§ AIM OF THE TASK: Where a line of the material contains the string "Copp", copy that line.
--*--
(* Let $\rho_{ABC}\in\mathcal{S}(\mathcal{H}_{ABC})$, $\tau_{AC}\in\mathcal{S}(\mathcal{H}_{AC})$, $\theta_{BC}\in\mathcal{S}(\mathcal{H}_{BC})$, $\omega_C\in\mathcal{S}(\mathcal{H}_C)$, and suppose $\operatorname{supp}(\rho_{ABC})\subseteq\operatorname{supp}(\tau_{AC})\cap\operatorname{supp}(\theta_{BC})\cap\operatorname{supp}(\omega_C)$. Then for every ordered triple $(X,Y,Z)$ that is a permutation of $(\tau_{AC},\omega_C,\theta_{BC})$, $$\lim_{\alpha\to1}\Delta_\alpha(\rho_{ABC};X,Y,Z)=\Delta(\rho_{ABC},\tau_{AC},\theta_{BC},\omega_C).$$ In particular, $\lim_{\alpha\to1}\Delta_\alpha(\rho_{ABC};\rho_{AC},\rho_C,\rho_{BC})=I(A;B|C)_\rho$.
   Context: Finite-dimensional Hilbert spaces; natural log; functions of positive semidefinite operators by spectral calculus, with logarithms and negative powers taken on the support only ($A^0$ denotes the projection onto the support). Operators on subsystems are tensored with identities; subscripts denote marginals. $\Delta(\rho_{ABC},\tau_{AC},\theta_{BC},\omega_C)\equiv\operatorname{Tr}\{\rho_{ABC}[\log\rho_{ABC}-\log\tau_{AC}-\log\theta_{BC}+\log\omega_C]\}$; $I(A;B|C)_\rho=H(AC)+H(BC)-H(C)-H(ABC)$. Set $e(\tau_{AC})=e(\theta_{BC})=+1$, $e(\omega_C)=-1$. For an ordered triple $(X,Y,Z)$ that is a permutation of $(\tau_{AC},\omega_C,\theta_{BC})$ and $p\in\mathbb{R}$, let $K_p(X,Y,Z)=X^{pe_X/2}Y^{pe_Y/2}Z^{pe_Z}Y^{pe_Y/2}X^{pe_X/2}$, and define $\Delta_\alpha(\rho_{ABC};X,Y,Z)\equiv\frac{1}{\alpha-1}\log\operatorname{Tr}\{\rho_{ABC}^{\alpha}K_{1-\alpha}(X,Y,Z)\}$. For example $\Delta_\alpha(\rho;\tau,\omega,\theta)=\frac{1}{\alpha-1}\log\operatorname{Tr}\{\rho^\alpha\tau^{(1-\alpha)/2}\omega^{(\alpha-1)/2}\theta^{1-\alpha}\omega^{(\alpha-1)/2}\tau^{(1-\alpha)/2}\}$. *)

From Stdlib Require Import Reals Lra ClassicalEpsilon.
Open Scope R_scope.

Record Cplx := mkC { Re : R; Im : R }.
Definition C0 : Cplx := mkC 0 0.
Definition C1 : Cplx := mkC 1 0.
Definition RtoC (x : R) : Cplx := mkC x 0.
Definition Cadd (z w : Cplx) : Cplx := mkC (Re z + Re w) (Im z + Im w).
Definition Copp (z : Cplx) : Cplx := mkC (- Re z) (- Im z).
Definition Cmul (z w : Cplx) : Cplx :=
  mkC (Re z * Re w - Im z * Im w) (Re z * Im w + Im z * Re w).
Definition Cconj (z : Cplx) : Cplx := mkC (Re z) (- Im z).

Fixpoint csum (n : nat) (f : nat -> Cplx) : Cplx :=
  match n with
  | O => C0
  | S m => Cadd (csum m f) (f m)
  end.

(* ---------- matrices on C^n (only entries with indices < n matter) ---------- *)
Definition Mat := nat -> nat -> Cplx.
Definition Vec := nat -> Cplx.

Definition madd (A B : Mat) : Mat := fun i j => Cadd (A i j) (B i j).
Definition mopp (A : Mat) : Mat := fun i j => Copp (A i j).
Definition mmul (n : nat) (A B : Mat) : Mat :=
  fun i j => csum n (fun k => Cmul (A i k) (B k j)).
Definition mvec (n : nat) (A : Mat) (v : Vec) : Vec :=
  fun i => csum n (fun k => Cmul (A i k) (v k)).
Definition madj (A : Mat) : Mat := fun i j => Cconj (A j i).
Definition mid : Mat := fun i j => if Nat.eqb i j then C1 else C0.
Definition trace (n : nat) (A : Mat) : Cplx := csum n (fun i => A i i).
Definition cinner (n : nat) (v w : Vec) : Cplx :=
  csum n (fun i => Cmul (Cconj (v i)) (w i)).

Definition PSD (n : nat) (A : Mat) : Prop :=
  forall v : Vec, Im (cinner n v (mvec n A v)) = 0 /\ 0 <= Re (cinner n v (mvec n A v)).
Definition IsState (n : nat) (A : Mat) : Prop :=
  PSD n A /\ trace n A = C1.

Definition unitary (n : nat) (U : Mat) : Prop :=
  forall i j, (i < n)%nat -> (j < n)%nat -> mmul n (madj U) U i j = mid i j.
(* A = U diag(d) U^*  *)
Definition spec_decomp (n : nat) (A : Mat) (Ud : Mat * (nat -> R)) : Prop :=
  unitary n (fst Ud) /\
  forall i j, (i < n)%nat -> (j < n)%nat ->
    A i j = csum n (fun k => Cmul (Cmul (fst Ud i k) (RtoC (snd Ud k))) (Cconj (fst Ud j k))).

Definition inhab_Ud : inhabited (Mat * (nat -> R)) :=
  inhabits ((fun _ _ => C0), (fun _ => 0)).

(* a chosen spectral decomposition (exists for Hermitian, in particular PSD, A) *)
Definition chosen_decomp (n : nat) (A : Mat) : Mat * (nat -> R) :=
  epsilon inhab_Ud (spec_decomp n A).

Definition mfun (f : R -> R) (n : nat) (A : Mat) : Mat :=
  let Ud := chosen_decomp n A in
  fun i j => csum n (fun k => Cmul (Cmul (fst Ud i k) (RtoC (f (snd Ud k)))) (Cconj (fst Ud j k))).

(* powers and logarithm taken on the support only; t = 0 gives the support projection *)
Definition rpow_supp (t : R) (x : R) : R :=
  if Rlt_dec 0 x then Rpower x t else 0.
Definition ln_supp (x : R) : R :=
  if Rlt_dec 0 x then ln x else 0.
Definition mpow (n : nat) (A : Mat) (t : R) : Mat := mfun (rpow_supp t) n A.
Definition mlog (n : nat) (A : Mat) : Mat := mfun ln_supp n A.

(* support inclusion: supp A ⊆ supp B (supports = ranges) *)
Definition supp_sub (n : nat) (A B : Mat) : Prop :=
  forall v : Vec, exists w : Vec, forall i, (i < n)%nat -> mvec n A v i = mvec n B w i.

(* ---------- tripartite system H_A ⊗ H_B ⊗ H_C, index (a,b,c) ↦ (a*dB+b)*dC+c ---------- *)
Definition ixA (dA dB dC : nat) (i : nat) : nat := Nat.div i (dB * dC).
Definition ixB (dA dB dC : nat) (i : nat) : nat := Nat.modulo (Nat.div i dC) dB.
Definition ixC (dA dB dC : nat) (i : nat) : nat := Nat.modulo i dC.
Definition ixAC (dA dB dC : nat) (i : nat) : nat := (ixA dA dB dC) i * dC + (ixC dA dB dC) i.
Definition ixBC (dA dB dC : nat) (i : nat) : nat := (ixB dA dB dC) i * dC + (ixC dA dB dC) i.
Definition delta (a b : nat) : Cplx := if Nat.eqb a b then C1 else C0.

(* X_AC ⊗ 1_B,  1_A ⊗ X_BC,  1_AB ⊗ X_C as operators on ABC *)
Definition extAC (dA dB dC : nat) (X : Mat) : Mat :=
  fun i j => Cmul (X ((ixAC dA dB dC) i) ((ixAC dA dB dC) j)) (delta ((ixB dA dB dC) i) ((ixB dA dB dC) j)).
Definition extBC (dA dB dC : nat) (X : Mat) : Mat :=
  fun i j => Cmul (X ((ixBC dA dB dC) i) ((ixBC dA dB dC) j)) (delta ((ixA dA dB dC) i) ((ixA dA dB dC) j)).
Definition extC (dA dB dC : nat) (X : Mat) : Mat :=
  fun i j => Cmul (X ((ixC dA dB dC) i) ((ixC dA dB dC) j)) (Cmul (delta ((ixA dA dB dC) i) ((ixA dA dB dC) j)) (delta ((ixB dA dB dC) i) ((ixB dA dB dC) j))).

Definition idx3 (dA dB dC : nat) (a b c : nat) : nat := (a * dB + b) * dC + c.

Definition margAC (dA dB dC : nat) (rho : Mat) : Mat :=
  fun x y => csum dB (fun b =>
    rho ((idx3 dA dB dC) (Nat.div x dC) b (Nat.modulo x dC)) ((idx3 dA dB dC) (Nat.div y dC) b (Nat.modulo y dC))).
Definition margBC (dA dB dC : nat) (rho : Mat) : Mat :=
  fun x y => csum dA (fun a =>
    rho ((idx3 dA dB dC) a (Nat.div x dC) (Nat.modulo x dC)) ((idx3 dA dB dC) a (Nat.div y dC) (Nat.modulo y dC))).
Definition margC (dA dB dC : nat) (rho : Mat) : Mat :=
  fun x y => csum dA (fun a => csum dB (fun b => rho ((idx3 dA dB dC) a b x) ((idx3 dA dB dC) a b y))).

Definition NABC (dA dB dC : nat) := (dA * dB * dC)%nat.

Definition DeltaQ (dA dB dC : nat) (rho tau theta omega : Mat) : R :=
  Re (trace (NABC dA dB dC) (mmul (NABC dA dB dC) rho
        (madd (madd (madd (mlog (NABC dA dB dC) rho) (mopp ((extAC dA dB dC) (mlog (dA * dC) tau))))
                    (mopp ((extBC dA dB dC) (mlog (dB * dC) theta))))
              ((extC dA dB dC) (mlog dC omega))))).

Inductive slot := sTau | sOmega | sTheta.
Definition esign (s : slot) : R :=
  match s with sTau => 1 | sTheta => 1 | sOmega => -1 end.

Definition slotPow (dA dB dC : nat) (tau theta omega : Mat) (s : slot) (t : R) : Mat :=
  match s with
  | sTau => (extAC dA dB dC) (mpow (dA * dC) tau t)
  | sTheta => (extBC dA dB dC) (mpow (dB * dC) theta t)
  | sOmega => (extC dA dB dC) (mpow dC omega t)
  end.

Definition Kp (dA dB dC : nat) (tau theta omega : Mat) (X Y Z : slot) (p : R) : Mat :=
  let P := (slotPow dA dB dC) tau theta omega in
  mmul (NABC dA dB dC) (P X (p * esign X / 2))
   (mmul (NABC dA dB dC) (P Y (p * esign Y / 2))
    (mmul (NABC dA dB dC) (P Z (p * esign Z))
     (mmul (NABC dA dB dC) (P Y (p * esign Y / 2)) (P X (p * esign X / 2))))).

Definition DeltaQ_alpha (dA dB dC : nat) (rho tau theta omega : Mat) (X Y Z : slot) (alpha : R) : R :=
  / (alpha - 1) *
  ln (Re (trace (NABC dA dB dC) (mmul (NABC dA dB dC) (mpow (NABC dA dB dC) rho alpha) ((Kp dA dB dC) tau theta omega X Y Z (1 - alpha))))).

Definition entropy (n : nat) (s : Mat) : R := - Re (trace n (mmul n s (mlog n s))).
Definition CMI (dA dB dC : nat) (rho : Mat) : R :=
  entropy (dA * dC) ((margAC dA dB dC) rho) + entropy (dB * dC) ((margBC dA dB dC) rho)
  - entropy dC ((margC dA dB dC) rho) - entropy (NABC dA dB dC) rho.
--*--
§ ANSWER FOR THIS EXERCISE:
Definition Copp (z : Cplx) : Cplx := mkC (- Re z) (- Im z).
Definition mopp (A : Mat) : Mat := fun i j => Copp (A i j).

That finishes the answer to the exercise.